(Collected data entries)
Lemma isolated_nonunits W : isolated W -> nonunits :&: W = nonunits \/ nonunits :&: W = set0.
Proof.
move=> isoW; have [zW|zNW] := boolP (zero_elt \in W); [left|right].
  apply/setIidPl/subsetP=> a /setDP[ha a_nS]; apply/negPn/negP=> aNW.
  have aQ : a \in PIset n :\: W by rewrite in_setD aNW ha.
  by have := isolated_zero (isolated_setD isoW) aQ a_nS; rewrite in_setD zW.
apply/eqP; rewrite -subset0; apply/subsetP=> a /setIP[/setDP[_ a_nS] aW].
by case/negP: zNW; exact: isolated_zero isoW aW a_nS.
Qed.

Lemma Sset_sub_PIset : Sset n \subset PIset n.
Proof. by apply/subsetP=> _ /SsetP[s ->]; exact: perm_elt_PI. Qed.

Lemma PIset_isolated : subsemigroup (PIset n) /\ completely_isolated (PIset n).
Proof.
split; last by move=> a b ha _ _; left.
by split=> //; [apply/set0Pn; exists zero_elt; exact: zero_PI | exact: prod_PI].
Qed.

Lemma Sset_isolated : subsemigroup (Sset n) /\ completely_isolated (Sset n).
Proof.
split; last by move=> a b ha _ /(Sset_prod_left ha); left.
split; first exact: Sset_sub_PIset.
  by apply/set0Pn; exists (perm_elt 1%g); apply/SsetP; exists 1%g.
exact: Sset_prod.
Qed.

Lemma nonunits_isolated : 0 < n -> subsemigroup nonunits /\ completely_isolated nonunits.
Proof.
move=> n_gt0; split; first split.
- exact: subsetDl.
- by apply/set0Pn; exists zero_elt; rewrite in_setD zero_PI zero_notin_Sset.
- move=> a b /setDP[ha a_nS] /setDP[hb _]; rewrite in_setD prod_PI // andbT.
  by apply: contra a_nS; exact: Sset_prod_left.
move=> a b ha hb; rewrite !in_setD ha hb prod_PI // !andbT => ab_nS.
by apply/orP; rewrite -negb_and; move: ab_nS; apply: contra => /andP[]; exact: Sset_prod.
Qed.

End PartitionMonoid.

Theorem mainTheorem10 (n : nat) (Hn : 2 <= n) (T : {set elt n}) :
  (subsemigroup T /\ completely_isolated T) <->
  (T = PIset n \/ T = Sset n \/ T = PIset n :\: Sset n).
Proof.
split; last first.
  case=> [->|[->|->]]; [exact: PIset_isolated | exact: Sset_isolated |].
  by apply: nonunits_isolated; apply: leq_trans Hn.
case=> -[TPI Tn0 Tmul] Tci; have isoT : isolated T by [].
have PI_split : Sset n :|: nonunits n = PIset n.
  by rewrite -{1}(setIidPr (Sset_sub_PIset n)) setID.
have T_split : T = (Sset n :&: T) :|: (nonunits n :&: T).
  by rewrite -setIUl PI_split (setIidPr TPI).
case: (isolated_units isoT) (isolated_nonunits isoT) => ST [] NT; rewrite T_split ST NT.
- by left.
- by right; left; rewrite setU0.
- by right; right; rewrite set0U.
- by move: Tn0; rewrite T_split ST NT setU0 eqxx.
Qed.
Hypothesis indepX : mutual_indep mu S X.
Hypothesis g0 : g [set 0] = 0%E.
Hypothesis atomless_f_or_g : atomless f \/ atomless g.

Local Notation sigma_others x0 :=
  (g_sigma_algebraType (@others_cylinders R d T _ S X x0)).

Definition variable_node (x : 'I_n + ('I_n * 'I_m)) : 'I_n :=
  match x with inl i => i | inr p => p.1 end.

Lemma measurable_X x : measurable_fun setT (X x).
Proof. by case: x => [i|[i k]]; [exact: mv|exact: mw]. Qed.

Lemma others_variable_node x0 y : S y ->
  variable_node y != variable_node x0 -> @others _ S x0 y.
Proof. by move=> Sy; rewrite /others Sy; apply: contra => /eqP ->. Qed.

Lemma signal_atomless : atomless f ->
  forall i x, mu (v i @^-1` ([set x] `\` [set 0])) = 0%E.
Proof.
move=> fa i x; rewrite law_v; last exact: measurableD.
rewrite diracE memNset; last by move=> [_]; apply.
rewrite (_ : f _ = 0%E) ?mule0 ?adde0//.
apply/eqP; rewrite -measure_le0 -(fa x).
by apply: le_measure; rewrite ?inE//; exact: measurableD.
Qed.

Lemma weight_atomless i k : atomless g -> adj i k ->
  forall x, mu (w i k @^-1` ([set x] `\` [set 0])) = 0%E.
Proof.
move=> ga a x; rewrite law_w //; last exact: measurableD.
apply/eqP; rewrite -measure_le0 -(ga x).
by apply: le_measure; rewrite ?inE//; exact: measurableD.
Qed.

Lemma negligible_weight_zero i k : adj i k -> mu.-negligible (w i k @^-1` [set 0]).
Proof.
move=> a; exists (w i k @^-1` [set 0]); split => //; last by rewrite law_w.
by rewrite -[X in measurable X]setTI; exact: mw.
Qed.

Definition lincomb (c : 'I_n -> 'I_m -> R) (t : T) : R :=
  \sum_(i < n) \sum_(k < m) c i k * (w i k t * v i t).

Definition lincomb_off (l : 'I_n) (c : 'I_n -> 'I_m -> R) (t : T) : R :=
  \sum_(i < n | i != l) \sum_(k < m) c i k * (w i k t * v i t).

Lemma lincomb_split l k0 c : (forall k, k != k0 -> c l k = 0) ->
  forall t, lincomb c t = c l k0 * w l k0 t * v l t + lincomb_off l c t.
Proof.
move=> cl t; rewrite /lincomb (bigD1 l)//= (bigD1 k0)//= big1 ?addr0 ?mulrA//.
by move=> k /cl ->; rewrite mul0r.
Qed.

Lemma measurable_lincomb_off x0 c : S x0 -> (forall i k, c i k != 0 -> adj i k) ->
  measurable_fun (setT : set (sigma_others x0)) (lincomb_off (variable_node x0) c).
Proof.
move=> Sx0 cadj.
apply: (@measurable_sum_off _ _ (sigma_others x0) n m v w c) => [i il|i k il cik].
  by apply: (@measurable_others _ _ _ _ S X x0 (inl i)); apply: others_variable_node.
apply: (@measurable_others _ _ _ _ S X x0 (inr (i, k))).
by apply: others_variable_node => //=; exact: cadj.
Qed.

Lemma lincomb_root_negligible l k0 c : adj l k0 -> c l k0 != 0 ->
  (forall k, k != k0 -> c l k = 0) -> (forall i k, c i k != 0 -> adj i k) ->
  mu.-negligible [set t | v l t != 0 /\ lincomb c t = 0].
Proof.
move=> a c0 cl cadj.
have Sv : S (inl l) by [].
have Sw : S (inr (l, k0)) := a.
have ow : @others _ S (inl l) (inr (l, k0)) by rewrite /others Sw.
have NE : mu.-negligible [set t | v l t != 0 /\ w l k0 t != 0 /\
    c l k0 * w l k0 t * v l t + lincomb_off l c t = 0].
  case: atomless_f_or_g => [fa|ga].
    exact (@negligible_mul_root _ _ _ mu _ S X measurable_X indepX (inl l) Sv
      (c l k0) (inr (l, k0)) _ c0 ow (measurable_lincomb_off _ _ Sv cadj)
      (signal_atomless fa l)).
  have := @negligible_mul_root _ _ _ mu _ S X measurable_X indepX (inr (l, k0)) Sw
    (c l k0) (inl l) _ c0 isT
    (measurable_lincomb_off _ _ Sw cadj) (weight_atomless l k0 ga a).
  by apply: negligibleS => t [vt [wt root]]; split=> //; split=> //; rewrite mulrAC.
apply: (negligibleS _ (negligibleU NE (negligible_weight_zero l k0 a))) => t [vt lc0].
have [w0|w0] := eqVneq (w l k0 t) 0; [by right|left].
by split=> //; split=> //; rewrite -(lincomb_split _ _ _ cl).
Qed.

Definition edge_indicator (k0 : 'I_m) (i : 'I_n) (k : 'I_m) : R :=
  ((k == k0) && adj i k0)%:R.

Lemma edge_indicator_adj k0 i k : edge_indicator k0 i k != 0 -> adj i k.
Proof.
by rewrite /edge_indicator; have [->|] := eqVneq k k0; case: (adj i k0); rewrite ?eqxx.
Qed.

Lemma lincomb_edge_indicator k0 t :
  lincomb (edge_indicator k0) t = check_value adj v w k0 t.
Proof.
rewrite /lincomb /check_value [RHS]big_mkcond; apply: eq_bigr => i _.
rewrite (bigD1 k0)//= big1 ?addr0 => [|k /negbTE kk0]; last first.
  by rewrite /edge_indicator kk0 mul0r.
by rewrite /edge_indicator eqxx; case: (adj i k0); rewrite ?mul1r ?mul0r.
Qed.

Lemma lincombB c1 c2 t :
  lincomb (fun i k => c1 i k - c2 i k) t = lincomb c1 t - lincomb c2 t.
Proof.
rewrite /lincomb -sumrB; apply: eq_bigr => i _.
by rewrite -sumrB; apply: eq_bigr => k _; rewrite mulrBl.
Qed.

Lemma check_value_zero_support_empty k :
  {ae mu, forall t, check_value adj v w k t = 0 -> support_nbr adj v k t = finset.set0}.
Proof.
have N : mu.-negligible (\big[setU/set0]_(l | adj l k)
    [set t | v l t != 0 /\ lincomb (edge_indicator k) t = 0]).
  apply: negligible_big_setU => l a; apply: (lincomb_root_negligible l k _ a).
  - by rewrite /edge_indicator eqxx a oner_neq0.
  - by move=> k' /negbTE kk; rewrite /edge_indicator kk.
  - exact: edge_indicator_adj.
apply: (negligibleS _ N) => t /= /not_implyP[c0 /eqP/set0Pn[l]].
rewrite inE => /andP[a vt]; rewrite (bigD1 l a) /=; left.
by split=> //; rewrite lincomb_edge_indicator.
Qed.

Lemma check_value_neq k1 k2 : k1 != k2 ->
  {ae mu, forall t, support_nbr adj v k1 t != support_nbr adj v k2 t ->
                    check_value adj v w k1 t != check_value adj v w k2 t}.
Proof.
move=> k12; pose c i k := edge_indicator k1 i k - edge_indicator k2 i k.
have cadj i k : c i k != 0 -> adj i k.
  move=> ci; apply: contraT => nadj; move: ci.
  have e0 k0 : edge_indicator k0 i k = 0.
    by apply/eqP; apply: contraNT nadj; exact: edge_indicator_adj.
  by rewrite /c !e0 subrr eqxx.
have N : mu.-negligible (\big[setU/set0]_(l | adj l k1 != adj l k2)
    [set t | v l t != 0 /\ lincomb c t = 0]).
  apply: negligible_big_setU => l a12.
  have [a1|a1] := boolP (adj l k1).
    have a2 : adj l k2 = false by move: a12; rewrite a1; case: (adj l k2).
    apply: (lincomb_root_negligible l k1 c a1 _ _ cadj).
    - by rewrite /c /edge_indicator eqxx a1 (negbTE k12) /= subr0 oner_neq0.
    - by move=> k kk1; rewrite /c /edge_indicator (negbTE kk1) a2 andbF subrr.
  have a2 : adj l k2 by move: a12; rewrite (negbTE a1); case: (adj l k2).
  apply: (lincomb_root_negligible l k2 c a2 _ _ cadj).
  - by rewrite /c /edge_indicator eqxx a2 (negbTE a1) andbF /= sub0r oppr_eq0 oner_neq0.
  - by move=> k kk2; rewrite /c /edge_indicator (negbTE kk2) (negbTE a1) andbF subrr.
apply: (negligibleS _ N) => t /= /not_implyP[S12 /negP/negPn/eqP c12].
have [l] : exists l, (l \in support_nbr adj v k1 t) != (l \in support_nbr adj v k2 t).
  apply/existsP; apply: contraNT S12 => /existsPn same; apply/eqP/setP => l.
  by move: (same l); rewrite negbK => /eqP.
rewrite !inE; have [vt|_] := boolP (v l t != 0); rewrite ?andbT ?andbF // => a12.
rewrite (bigD1 l a12) /=; left; split=> //.
by rewrite lincombB !lincomb_edge_indicator c12 subrr.
Qed.

End check_nodes.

— Description of the task —
Would you please copy exactly the part of the entries above that begins at the line containing "case=> [->|[->|->]]; [exact: PIset_isolated" and ends at the line containing "Lemma measurable_X x", both lines included?

— Output of the task —
  case=> [->|[->|->]]; [exact: PIset_isolated | exact: Sset_isolated |].
  by apply: nonunits_isolated; apply: leq_trans Hn.
case=> -[TPI Tn0 Tmul] Tci; have isoT : isolated T by [].
have PI_split : Sset n :|: nonunits n = PIset n.
  by rewrite -{1}(setIidPr (Sset_sub_PIset n)) setID.
have T_split : T = (Sset n :&: T) :|: (nonunits n :&: T).
  by rewrite -setIUl PI_split (setIidPr TPI).
case: (isolated_units isoT) (isolated_nonunits isoT) => ST [] NT; rewrite T_split ST NT.
- by left.
- by right; left; rewrite setU0.
- by right; right; rewrite set0U.
- by move: Tn0; rewrite T_split ST NT setU0 eqxx.
Qed.
Hypothesis indepX : mutual_indep mu S X.
Hypothesis g0 : g [set 0] = 0%E.
Hypothesis atomless_f_or_g : atomless f \/ atomless g.

Local Notation sigma_others x0 :=
  (g_sigma_algebraType (@others_cylinders R d T _ S X x0)).

Definition variable_node (x : 'I_n + ('I_n * 'I_m)) : 'I_n :=
  match x with inl i => i | inr p => p.1 end.

Lemma measurable_X x : measurable_fun setT (X x).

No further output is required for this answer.